#### [WORK ITEM]
In the records below, some lines contain the word "auto". Copy each of them.

(Beginning of DATA LISTING)

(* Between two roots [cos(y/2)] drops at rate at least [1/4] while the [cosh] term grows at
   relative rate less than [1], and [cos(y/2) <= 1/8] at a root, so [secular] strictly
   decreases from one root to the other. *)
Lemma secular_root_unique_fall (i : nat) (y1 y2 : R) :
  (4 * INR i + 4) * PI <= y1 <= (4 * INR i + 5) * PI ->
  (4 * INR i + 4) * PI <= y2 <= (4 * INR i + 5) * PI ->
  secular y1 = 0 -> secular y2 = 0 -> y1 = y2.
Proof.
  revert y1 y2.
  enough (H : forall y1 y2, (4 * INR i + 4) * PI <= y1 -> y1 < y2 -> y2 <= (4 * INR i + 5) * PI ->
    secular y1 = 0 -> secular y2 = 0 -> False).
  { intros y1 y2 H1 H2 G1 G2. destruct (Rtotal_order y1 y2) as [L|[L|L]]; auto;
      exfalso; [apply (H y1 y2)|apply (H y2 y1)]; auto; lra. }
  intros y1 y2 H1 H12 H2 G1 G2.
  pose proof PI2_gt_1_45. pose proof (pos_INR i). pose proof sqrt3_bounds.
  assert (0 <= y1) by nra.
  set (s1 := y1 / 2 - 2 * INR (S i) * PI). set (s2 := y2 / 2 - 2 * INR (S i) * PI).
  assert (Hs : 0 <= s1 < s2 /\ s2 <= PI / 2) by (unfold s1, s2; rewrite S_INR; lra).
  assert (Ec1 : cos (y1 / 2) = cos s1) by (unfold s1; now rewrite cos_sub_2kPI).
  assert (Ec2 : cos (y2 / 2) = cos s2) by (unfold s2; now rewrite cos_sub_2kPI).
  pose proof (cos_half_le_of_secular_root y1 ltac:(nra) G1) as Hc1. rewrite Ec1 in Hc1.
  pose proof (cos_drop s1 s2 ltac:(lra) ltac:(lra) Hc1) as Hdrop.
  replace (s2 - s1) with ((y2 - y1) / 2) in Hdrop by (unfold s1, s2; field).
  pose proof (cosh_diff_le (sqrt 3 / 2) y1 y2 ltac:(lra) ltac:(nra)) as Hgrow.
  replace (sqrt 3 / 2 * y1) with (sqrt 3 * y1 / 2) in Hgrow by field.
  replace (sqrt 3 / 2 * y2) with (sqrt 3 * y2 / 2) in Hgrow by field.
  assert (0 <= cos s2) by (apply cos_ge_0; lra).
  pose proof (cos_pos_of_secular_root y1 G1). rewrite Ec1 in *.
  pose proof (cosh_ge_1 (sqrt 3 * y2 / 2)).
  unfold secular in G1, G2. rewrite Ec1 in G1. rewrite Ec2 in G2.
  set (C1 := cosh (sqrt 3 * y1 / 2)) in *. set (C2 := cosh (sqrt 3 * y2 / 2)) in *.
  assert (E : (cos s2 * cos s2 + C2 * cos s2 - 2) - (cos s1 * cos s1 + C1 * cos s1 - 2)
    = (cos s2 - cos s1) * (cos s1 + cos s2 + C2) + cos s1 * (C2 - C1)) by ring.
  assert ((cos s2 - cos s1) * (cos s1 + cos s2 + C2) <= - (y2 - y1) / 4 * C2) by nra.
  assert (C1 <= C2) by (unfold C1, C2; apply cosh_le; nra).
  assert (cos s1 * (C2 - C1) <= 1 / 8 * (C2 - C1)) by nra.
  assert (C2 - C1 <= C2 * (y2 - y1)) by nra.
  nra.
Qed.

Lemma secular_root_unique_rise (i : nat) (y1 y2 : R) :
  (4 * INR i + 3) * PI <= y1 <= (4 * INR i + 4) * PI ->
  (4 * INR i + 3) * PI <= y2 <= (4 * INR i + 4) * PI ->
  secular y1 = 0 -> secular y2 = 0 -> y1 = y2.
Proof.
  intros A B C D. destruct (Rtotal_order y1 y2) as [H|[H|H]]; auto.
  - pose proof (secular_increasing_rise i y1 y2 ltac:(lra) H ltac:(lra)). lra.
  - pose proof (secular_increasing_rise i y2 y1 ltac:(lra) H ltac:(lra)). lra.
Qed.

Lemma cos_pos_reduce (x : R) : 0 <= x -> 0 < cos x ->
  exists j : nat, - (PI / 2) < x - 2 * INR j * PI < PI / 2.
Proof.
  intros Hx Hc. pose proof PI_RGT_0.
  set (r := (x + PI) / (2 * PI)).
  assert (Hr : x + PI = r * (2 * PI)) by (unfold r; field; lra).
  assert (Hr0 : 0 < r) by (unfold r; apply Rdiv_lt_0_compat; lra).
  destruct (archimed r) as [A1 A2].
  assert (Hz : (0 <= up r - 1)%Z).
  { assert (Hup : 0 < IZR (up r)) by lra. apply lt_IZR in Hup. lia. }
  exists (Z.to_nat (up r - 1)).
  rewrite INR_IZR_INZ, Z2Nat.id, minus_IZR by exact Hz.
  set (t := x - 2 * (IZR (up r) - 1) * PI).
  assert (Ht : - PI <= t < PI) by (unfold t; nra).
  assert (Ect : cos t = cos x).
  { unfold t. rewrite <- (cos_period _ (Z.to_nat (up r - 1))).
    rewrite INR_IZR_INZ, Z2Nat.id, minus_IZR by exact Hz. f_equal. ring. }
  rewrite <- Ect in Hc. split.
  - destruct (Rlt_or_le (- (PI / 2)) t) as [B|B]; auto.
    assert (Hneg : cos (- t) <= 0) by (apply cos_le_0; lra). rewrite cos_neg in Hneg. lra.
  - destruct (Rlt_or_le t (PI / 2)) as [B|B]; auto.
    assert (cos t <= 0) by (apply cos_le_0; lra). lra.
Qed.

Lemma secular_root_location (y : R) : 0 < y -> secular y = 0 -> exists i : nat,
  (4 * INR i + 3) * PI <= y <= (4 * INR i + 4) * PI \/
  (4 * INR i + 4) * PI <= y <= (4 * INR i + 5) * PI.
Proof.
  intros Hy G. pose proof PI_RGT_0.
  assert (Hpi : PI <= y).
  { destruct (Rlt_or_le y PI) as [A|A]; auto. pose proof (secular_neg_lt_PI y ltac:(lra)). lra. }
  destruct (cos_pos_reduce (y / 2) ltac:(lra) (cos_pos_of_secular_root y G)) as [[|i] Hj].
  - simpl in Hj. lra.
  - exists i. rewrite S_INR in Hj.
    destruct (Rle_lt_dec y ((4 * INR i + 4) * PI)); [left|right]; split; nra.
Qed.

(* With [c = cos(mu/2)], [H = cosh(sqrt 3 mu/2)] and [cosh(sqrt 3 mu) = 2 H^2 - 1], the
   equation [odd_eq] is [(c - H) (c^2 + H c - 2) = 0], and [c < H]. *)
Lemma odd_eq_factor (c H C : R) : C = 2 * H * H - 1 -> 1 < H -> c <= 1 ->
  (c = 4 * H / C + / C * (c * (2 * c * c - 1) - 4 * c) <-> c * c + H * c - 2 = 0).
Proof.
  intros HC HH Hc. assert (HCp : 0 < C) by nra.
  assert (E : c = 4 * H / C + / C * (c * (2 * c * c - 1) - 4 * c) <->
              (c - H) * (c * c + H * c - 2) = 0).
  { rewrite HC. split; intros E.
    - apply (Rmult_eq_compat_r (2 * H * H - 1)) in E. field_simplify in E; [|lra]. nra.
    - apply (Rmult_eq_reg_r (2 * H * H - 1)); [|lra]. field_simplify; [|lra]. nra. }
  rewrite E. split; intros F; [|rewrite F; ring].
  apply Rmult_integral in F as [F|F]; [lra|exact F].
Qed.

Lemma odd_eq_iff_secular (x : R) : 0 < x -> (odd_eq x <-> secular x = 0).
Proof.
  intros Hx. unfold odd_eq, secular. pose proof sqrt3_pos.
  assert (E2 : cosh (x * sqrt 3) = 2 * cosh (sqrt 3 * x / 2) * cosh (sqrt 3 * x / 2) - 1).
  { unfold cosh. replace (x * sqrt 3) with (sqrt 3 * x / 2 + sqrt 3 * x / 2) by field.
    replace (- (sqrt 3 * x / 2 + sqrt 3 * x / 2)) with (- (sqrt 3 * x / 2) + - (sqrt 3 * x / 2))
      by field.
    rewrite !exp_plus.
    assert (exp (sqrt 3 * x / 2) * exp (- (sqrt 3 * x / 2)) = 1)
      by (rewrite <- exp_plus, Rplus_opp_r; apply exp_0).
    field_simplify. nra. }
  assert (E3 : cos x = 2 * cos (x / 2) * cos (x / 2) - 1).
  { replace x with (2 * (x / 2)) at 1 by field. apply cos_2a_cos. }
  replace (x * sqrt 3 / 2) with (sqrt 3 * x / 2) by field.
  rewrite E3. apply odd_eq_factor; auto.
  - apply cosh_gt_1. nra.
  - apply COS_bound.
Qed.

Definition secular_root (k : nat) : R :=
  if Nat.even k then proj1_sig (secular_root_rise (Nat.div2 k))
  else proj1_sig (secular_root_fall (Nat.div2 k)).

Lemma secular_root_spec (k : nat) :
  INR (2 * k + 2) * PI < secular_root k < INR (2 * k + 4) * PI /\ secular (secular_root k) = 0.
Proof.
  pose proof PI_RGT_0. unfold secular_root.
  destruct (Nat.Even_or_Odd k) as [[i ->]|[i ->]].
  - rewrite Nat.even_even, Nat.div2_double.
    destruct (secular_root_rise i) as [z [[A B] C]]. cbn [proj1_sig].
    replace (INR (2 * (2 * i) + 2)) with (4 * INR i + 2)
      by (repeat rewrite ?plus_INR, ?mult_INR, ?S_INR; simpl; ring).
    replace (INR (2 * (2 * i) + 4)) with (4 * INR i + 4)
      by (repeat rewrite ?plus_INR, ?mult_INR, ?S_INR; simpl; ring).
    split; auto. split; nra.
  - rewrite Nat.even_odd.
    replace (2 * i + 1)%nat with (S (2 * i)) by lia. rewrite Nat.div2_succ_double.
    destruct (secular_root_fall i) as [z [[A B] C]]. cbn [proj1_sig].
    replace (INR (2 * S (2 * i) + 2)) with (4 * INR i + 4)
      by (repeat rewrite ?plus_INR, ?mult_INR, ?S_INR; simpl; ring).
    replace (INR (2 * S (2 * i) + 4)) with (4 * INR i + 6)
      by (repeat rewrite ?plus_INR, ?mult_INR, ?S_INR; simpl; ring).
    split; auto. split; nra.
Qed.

(End of DATA LISTING)

#### [SOLVED EXERCISE]
  { intros y1 y2 H1 H2 G1 G2. destruct (Rtotal_order y1 y2) as [L|[L|L]]; auto;
      exfalso; [apply (H y1 y2)|apply (H y2 y1)]; auto; lra. }
  intros A B C D. destruct (Rtotal_order y1 y2) as [H|[H|H]]; auto.
  - destruct (Rlt_or_le (- (PI / 2)) t) as [B|B]; auto.
  - destruct (Rlt_or_le t (PI / 2)) as [B|B]; auto.
  { destruct (Rlt_or_le y PI) as [A|A]; auto. pose proof (secular_neg_lt_PI y ltac:(lra)). lra. }
  rewrite E3. apply odd_eq_factor; auto.
    split; auto. split; nra.
    split; auto. split; nra.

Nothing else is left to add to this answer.